_Instructions for the task:_ Give only the number of lines in the records that include the string "bool".

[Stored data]
(* Let $N_1\ge N_2$, $N_3$, $T$ be nonnegative integers with $T\ge N_1+N_3$. For $i\in\{1,2\}$ let $\tilde T_i$ be a maximizer over $T'\in\{N_i,\dots,T-N_3\}$ of $\min\left(\frac{T'+1-N_i}{T'+1},\frac{T-T'+1-N_3}{T-T'+1}\right)$. For all positive integers $A,B$, set $$k_1=A(T-\tilde T_1+1-N_3)(\tilde T_1+1-N_1),\quad k_2=B(T-\tilde T_2+1-N_3)(\tilde T_2+1-N_2),$$ $$n=\max\Big(A(\tilde T_1+1)(T-\tilde T_1+1-N_3),\;B(\tilde T_2+1)(T-\tilde T_2+1-N_3),\;A(T-\tilde T_1+1)(\tilde T_1+1-N_1)+B(T-\tilde T_2+1)(\tilde T_2+1-N_2)\Big).$$ Then the rate pair $(R_1,R_2)=(k_1/n,\,k_2/n)$ is achievable.
   Context: Network: two sources, one relay, one destination; no direct source–destination link. Source $i\in\{1,2\}$ has messages $s_{t,i}\in\mathbb{F}^{k_i}$, $t\ge0$, over a finite field $\mathbb{F}$. A time-invariant $(n_1,n_2,n_3,k_1,k_2,T)_{\mathbb{F}}$ streaming code (unbounded memory): source $i$ sends at time $t$ a packet $x^{(1)}_{t,i}\in\mathbb{F}^{n_i}$, a fixed function of $s_{0,i},\dots,s_{t,i}$; a relay function $g$, the same at every time $t$, takes the packets received from both sources at times $t-T,\dots,t$ together with the relay's previously produced estimates of past source messages, and outputs a packet $x^{(2)}_t\in\mathbb{F}^{n_3}$ and estimates of $s_{t-T,1},s_{t-T,2}$; the destination outputs at time $t+T$ estimates $\hat s_{t,i}$ from its received packets up to time $t+T$. Each link is a packet erasure channel (received packet is the sent one or the erasure symbol $*$). An $N$-erasure sequence has exactly $N$ erased times; link source $i\to$relay suffers an arbitrary $N_i$-erasure sequence, relay$\to$destination an arbitrary $N_3$-erasure sequence. The code is $(N_1,N_2,N_3)$-achievable if $\hat s_{t,i}=s_{t,i}$ always. Rate pair: $R_i=k_i/n$, $n=\max(n_1,n_2,n_3)$; a rate pair is achievable if it is the rate pair of some $(N_1,N_2,N_3)$-achievable code (over some finite field). *)

From HB Require Import structures.
From mathcomp Require Import all_boot all_order all_algebra.
Set Implicit Arguments. Unset Strict Implicit. Unset Printing Implicit Defensive.
Import Order.TTheory GRing.Theory Num.Theory.
Local Open Scope ring_scope.

(* An N-erasure sequence: exactly N erased times (e t = true means erased). *)
Definition erasure_seq (N : nat) (e : nat -> bool) : Prop :=
  exists l : seq nat, [/\ uniq l, size l = N & forall t, e t = (t \in l)].

Definition erase (A : Type) (e : nat -> bool) (x : nat -> A) (t : nat) : option A :=
  if e t then None else Some (x t).

(* A time-invariant (n1,n2,n3,k1,k2,T)_F streaming code (unbounded memory).
   - enc1/enc2 : source i maps the list [s_{0,i}; ...; s_{t,i}] to x^{(1)}_{t,i};
   - relay : the single (time-invariant) relay function g: from the list of
     received packet pairs at times max(0,t-T),...,t and the list of its
     previously produced estimates (of s_{0,.},...,s_{t-T-1,.}) it outputs
     x^{(2)}_t and estimates of (s_{t-T,1}, s_{t-T,2});
   - dec : from the received packets at times 0..t+T the destination outputs
     the estimates of (s_{t,1}, s_{t,2}). *)
Record streaming_code (F : finFieldType) (n1 n2 n3 k1 k2 : nat) : Type := {
  enc1 : seq 'rV[F]_k1 -> 'rV[F]_n1;
  enc2 : seq 'rV[F]_k2 -> 'rV[F]_n2;
  relay : seq (option 'rV[F]_n1 * option 'rV[F]_n2) ->
          seq ('rV[F]_k1 * 'rV[F]_k2) -> 'rV[F]_n3 * ('rV[F]_k1 * 'rV[F]_k2);
  dec : seq (option 'rV[F]_n3) -> 'rV[F]_k1 * 'rV[F]_k2 }.

Section Semantics.
Variables (F : finFieldType) (n1 n2 n3 k1 k2 T : nat).
Variable C : streaming_code F n1 n2 n3 k1 k2.
Variables (s1 : nat -> 'rV[F]_k1) (s2 : nat -> 'rV[F]_k2).
Variables (e1 e2 e3 : nat -> bool).

Definition src1_pkt (t : nat) : 'rV[F]_n1 := enc1 C (mkseq s1 t.+1).
Definition src2_pkt (t : nat) : 'rV[F]_n2 := enc2 C (mkseq s2 t.+1).

(* packets received by the relay at times max(0,t-T), ..., t *)
Definition relay_window (t : nat) : seq (option 'rV[F]_n1 * option 'rV[F]_n2) :=
  [seq (erase e1 src1_pkt u, erase e2 src2_pkt u) | u <- iota (t - T)%N (t - (t - T))%N.+1].

(* relay_est t = the relay's estimates produced before time t,
   i.e. estimates of the messages at times 0, ..., t-T-1 *)
Fixpoint relay_est (t : nat) : seq ('rV[F]_k1 * 'rV[F]_k2) :=
  match t with
  | 0 => [::]
  | t'.+1 => if (T <= t')%N then rcons (relay_est t') (relay C (relay_window t') (relay_est t')).2
             else relay_est t'
  end.

Definition relay_pkt (t : nat) : 'rV[F]_n3 := (relay C (relay_window t) (relay_est t)).1.

Definition dest_est (t : nat) : 'rV[F]_k1 * 'rV[F]_k2 :=
  dec C (mkseq (erase e3 relay_pkt) (t + T)%N.+1).

End Semantics.

Definition code_achievable (F : finFieldType) (n1 n2 n3 k1 k2 T : nat)
    (C : streaming_code F n1 n2 n3 k1 k2) (N1 N2 N3 : nat) : Prop :=
  forall (s1 : nat -> 'rV[F]_k1) (s2 : nat -> 'rV[F]_k2) (e1 e2 e3 : nat -> bool),
    erasure_seq N1 e1 -> erasure_seq N2 e2 -> erasure_seq N3 e3 ->
    forall t, dest_est T C s1 s2 e1 e2 e3 t = (s1 t, s2 t).
(* The Haar state kills both twisted derivations: on generators d_± is
   (id ⊗ X_±) Δ for a functional X_± that vanishes on 1 and on the relations,
   so applying X_± to the invariance identity (h ⊗ id) Δ w = h(w) 1 gives
   h (d_± w) = 0.  The star exchanges the derivations,
   (d_± x)^* = - q^(|x| ∓ 1) d_∓ (x^* ), and both obey the twisted Leibniz rule
   d (x y) = q^|y| (d x) y + x d y.  Applying h to d_∓ (y^* x) therefore moves
   the derivation across the inner product, with a power of q fixed by the
   degrees of the spinor components, and δ² ᾱ = β q² is exactly the condition
   matching the two cross terms.
   Elements of the free algebra are never quotiented: they are handled through
   [hlin G] for arbitrary functionals G on words, and the relations enter only
   through h and through X_± annihilating the ideal they generate. *)

Lemma degw_cons g w : degw (g :: w) = degg g + degw w.
Proof. by rewrite /degw big_cons. Qed.

Lemma degw_cat u v : degw (u ++ v) = degw u + degw v.
Proof. by rewrite /degw big_cat. Qed.

Lemma conjCM (C : numClosedFieldType) (u v : C) : (u * v)^* = u^* * v^*.
Proof. exact: rmorphM. Qed.

Section LinearFunctionals.
Variable C : numClosedFieldType.
Implicit Types (G : word -> C) (p r : Defs.poly C).

Lemma hlinE G p : hlin G p = \sum_(t <- p) t.1 * G t.2.
Proof. by []. Qed.

Lemma hlin_nil G : hlin G [::] = 0.
Proof. by rewrite /hlin big_nil. Qed.

Lemma hlin_cons G t p : hlin G (t :: p) = t.1 * G t.2 + hlin G p.
Proof. by rewrite /hlin big_cons. Qed.

Lemma hlin_cat G p r : hlin G (p ++ r) = hlin G p + hlin G r.
Proof. by rewrite /hlin big_cat. Qed.

Lemma hlin_scale G k p : hlin G (pscale k p) = k * hlin G p.
Proof. by rewrite /hlin big_map mulr_sumr; apply: eq_bigr => t _; rewrite mulrA. Qed.

Lemma hlin_psub G p r : hlin G (psub p r) = hlin G p - hlin G r.
Proof. by rewrite /psub hlin_cat hlin_scale mulN1r. Qed.

Lemma hlin_word G w : hlin G (pword C w) = G w.
Proof. by rewrite hlin_cons hlin_nil mul1r addr0. Qed.

Lemma eq_hlin G G' p : G =1 G' -> hlin G p = hlin G' p.
Proof. by move=> eqG; apply: eq_bigr => t _; rewrite eqG. Qed.

Lemma hlin_scale_fun k G p : hlin (fun w => k * G w) p = k * hlin G p.
Proof. by rewrite /hlin mulr_sumr; apply: eq_bigr => t _; rewrite mulrCA. Qed.

Lemma hlin_sum_fun (I : Type) (s : seq I) (F : I -> word -> C) p :
  hlin (fun w => \sum_(i <- s) F i w) p = \sum_(i <- s) hlin (F i) p.
Proof. by rewrite /hlin exchange_big; apply: eq_bigr => t _; rewrite mulr_sumr. Qed.

Lemma hlin_flatten (I : Type) (s : seq I) (f : I -> C) (F : I -> Defs.poly C) G :
  hlin G (flatten [seq pscale (f i) (F i) | i <- s]) = \sum_(i <- s) f i * hlin G (F i).
Proof.
elim: s => [|i s IH] /=; first by rewrite hlin_nil big_nil.
by rewrite hlin_cat IH hlin_scale big_cons.
Qed.

Lemma hlin_mul G p r :
  hlin G (pmul p r) = hlin (fun u => hlin (fun v => G (u ++ v)) r) p.
Proof.
rewrite /hlin /pmul big_allpairs_dep; apply: eq_bigr => s _.
by rewrite mulr_sumr; apply: eq_bigr => t _; rewrite mulrA.
Qed.

Lemma hlin_mul_scaler G k p r : hlin G (pmul p (pscale k r)) = k * hlin G (pmul p r).
Proof.
by rewrite !hlin_mul -hlin_scale_fun; apply: eq_hlin => u; rewrite hlin_scale.
Qed.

_Response to the exercise:_ 4